### WHAT YOU HAVE TO DO
Find the line containing "destruct (Hmeet z" in the records below. Copy exactly that line and each one after it, ending at the line containing "intros Hi Iso e He Pe Ne Hdom.", and nothing more.

──────

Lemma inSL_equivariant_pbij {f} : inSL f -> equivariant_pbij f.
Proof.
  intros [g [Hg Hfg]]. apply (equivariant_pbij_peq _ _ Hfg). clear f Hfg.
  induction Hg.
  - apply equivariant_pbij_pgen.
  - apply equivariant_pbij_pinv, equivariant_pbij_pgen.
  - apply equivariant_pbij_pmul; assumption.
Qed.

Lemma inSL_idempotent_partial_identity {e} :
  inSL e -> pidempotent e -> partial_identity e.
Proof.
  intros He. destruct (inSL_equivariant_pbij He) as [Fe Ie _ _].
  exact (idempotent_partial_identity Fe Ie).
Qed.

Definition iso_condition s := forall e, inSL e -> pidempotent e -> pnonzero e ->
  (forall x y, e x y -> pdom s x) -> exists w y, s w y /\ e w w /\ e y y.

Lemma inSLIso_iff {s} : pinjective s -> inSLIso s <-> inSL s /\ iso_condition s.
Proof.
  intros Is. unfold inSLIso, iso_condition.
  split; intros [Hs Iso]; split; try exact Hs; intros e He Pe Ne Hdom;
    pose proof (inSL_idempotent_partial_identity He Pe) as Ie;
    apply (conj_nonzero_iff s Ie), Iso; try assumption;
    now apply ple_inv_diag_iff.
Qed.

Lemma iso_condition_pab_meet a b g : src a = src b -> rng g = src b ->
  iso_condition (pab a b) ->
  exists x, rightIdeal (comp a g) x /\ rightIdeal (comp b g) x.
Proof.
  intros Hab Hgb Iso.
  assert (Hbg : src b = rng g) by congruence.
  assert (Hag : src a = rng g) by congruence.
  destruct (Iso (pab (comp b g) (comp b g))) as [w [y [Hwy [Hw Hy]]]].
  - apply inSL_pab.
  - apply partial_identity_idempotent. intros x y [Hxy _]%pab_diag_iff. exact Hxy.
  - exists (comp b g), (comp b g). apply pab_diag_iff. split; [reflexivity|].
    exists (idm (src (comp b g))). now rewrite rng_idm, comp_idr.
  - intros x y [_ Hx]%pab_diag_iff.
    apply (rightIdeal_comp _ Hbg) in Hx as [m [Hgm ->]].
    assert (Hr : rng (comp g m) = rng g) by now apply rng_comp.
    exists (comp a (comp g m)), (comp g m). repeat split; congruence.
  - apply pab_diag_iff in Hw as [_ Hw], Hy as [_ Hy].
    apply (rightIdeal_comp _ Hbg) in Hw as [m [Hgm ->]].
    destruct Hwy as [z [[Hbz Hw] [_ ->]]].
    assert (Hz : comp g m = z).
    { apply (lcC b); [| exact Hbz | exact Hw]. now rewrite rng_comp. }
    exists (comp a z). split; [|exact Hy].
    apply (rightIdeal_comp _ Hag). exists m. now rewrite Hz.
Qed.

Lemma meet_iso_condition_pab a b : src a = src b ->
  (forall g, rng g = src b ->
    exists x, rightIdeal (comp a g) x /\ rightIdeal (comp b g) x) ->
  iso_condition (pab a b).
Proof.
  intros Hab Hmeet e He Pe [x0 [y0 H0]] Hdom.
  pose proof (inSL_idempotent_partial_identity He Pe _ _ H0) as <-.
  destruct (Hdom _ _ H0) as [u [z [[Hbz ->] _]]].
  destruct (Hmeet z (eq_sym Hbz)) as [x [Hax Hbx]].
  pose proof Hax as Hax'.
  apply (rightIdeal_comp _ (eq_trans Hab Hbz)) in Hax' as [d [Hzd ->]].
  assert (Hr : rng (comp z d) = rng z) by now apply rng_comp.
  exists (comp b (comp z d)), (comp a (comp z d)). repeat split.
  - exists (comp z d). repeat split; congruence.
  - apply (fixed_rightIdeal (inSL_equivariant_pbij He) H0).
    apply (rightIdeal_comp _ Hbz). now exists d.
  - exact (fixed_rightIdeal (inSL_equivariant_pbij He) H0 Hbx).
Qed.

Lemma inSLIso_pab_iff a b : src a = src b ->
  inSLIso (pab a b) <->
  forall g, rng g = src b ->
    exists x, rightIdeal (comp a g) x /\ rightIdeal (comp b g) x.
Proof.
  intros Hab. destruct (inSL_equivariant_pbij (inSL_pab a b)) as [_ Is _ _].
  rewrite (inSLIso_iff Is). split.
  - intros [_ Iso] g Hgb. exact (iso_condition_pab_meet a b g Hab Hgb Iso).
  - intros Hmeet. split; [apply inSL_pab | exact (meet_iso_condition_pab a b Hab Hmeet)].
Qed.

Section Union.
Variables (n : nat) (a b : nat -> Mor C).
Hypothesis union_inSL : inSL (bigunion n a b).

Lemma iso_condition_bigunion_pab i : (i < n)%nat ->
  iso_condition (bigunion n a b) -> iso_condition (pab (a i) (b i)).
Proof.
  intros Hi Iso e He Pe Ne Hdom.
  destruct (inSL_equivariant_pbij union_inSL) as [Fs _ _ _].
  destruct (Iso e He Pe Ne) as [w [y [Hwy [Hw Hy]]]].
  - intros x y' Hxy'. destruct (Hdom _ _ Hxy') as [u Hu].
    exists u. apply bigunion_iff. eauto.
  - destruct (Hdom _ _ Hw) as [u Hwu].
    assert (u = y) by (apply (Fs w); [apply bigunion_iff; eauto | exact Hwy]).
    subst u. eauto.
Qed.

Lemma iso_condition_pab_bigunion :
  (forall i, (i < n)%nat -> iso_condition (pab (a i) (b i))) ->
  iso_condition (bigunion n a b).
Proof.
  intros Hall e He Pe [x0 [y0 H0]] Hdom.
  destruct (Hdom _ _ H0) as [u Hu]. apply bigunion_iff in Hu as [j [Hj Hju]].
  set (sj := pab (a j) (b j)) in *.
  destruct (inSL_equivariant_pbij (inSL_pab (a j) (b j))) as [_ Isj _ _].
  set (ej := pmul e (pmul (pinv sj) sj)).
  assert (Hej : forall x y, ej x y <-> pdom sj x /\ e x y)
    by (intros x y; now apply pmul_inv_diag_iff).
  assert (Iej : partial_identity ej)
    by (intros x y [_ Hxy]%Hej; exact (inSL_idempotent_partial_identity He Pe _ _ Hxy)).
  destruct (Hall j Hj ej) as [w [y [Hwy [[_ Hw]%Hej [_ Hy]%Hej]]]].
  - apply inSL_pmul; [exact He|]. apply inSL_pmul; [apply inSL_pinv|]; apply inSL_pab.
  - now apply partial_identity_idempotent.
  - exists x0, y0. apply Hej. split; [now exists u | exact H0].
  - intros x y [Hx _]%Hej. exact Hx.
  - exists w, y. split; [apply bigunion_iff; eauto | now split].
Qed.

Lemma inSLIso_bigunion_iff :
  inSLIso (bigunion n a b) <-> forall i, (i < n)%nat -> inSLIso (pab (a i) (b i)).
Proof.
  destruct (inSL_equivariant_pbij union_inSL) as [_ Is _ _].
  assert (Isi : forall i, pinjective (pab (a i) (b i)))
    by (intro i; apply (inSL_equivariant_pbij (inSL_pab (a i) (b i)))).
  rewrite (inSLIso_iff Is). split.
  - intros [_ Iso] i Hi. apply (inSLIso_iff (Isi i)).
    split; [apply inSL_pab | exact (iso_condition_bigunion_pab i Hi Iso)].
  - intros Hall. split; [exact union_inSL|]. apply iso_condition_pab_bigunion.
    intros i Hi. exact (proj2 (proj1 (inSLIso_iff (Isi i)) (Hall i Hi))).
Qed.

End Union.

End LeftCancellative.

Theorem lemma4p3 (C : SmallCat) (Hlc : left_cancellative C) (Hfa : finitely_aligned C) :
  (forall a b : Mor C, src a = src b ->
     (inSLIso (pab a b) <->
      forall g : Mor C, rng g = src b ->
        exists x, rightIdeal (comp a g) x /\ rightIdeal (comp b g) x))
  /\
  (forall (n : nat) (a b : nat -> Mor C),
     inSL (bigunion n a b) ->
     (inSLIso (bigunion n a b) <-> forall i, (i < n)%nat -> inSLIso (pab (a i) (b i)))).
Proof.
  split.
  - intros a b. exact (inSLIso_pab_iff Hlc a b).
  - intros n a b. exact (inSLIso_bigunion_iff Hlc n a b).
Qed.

──────

### TASK RESPONSE
  destruct (Hmeet z (eq_sym Hbz)) as [x [Hax Hbx]].
  pose proof Hax as Hax'.
  apply (rightIdeal_comp _ (eq_trans Hab Hbz)) in Hax' as [d [Hzd ->]].
  assert (Hr : rng (comp z d) = rng z) by now apply rng_comp.
  exists (comp b (comp z d)), (comp a (comp z d)). repeat split.
  - exists (comp z d). repeat split; congruence.
  - apply (fixed_rightIdeal (inSL_equivariant_pbij He) H0).
    apply (rightIdeal_comp _ Hbz). now exists d.
  - exact (fixed_rightIdeal (inSL_equivariant_pbij He) H0 Hbx).
Qed.

Lemma inSLIso_pab_iff a b : src a = src b ->
  inSLIso (pab a b) <->
  forall g, rng g = src b ->
    exists x, rightIdeal (comp a g) x /\ rightIdeal (comp b g) x.
Proof.
  intros Hab. destruct (inSL_equivariant_pbij (inSL_pab a b)) as [_ Is _ _].
  rewrite (inSLIso_iff Is). split.
  - intros [_ Iso] g Hgb. exact (iso_condition_pab_meet a b g Hab Hgb Iso).
  - intros Hmeet. split; [apply inSL_pab | exact (meet_iso_condition_pab a b Hab Hmeet)].
Qed.

Section Union.
Variables (n : nat) (a b : nat -> Mor C).
Hypothesis union_inSL : inSL (bigunion n a b).

Lemma iso_condition_bigunion_pab i : (i < n)%nat ->
  iso_condition (bigunion n a b) -> iso_condition (pab (a i) (b i)).
Proof.
  intros Hi Iso e He Pe Ne Hdom.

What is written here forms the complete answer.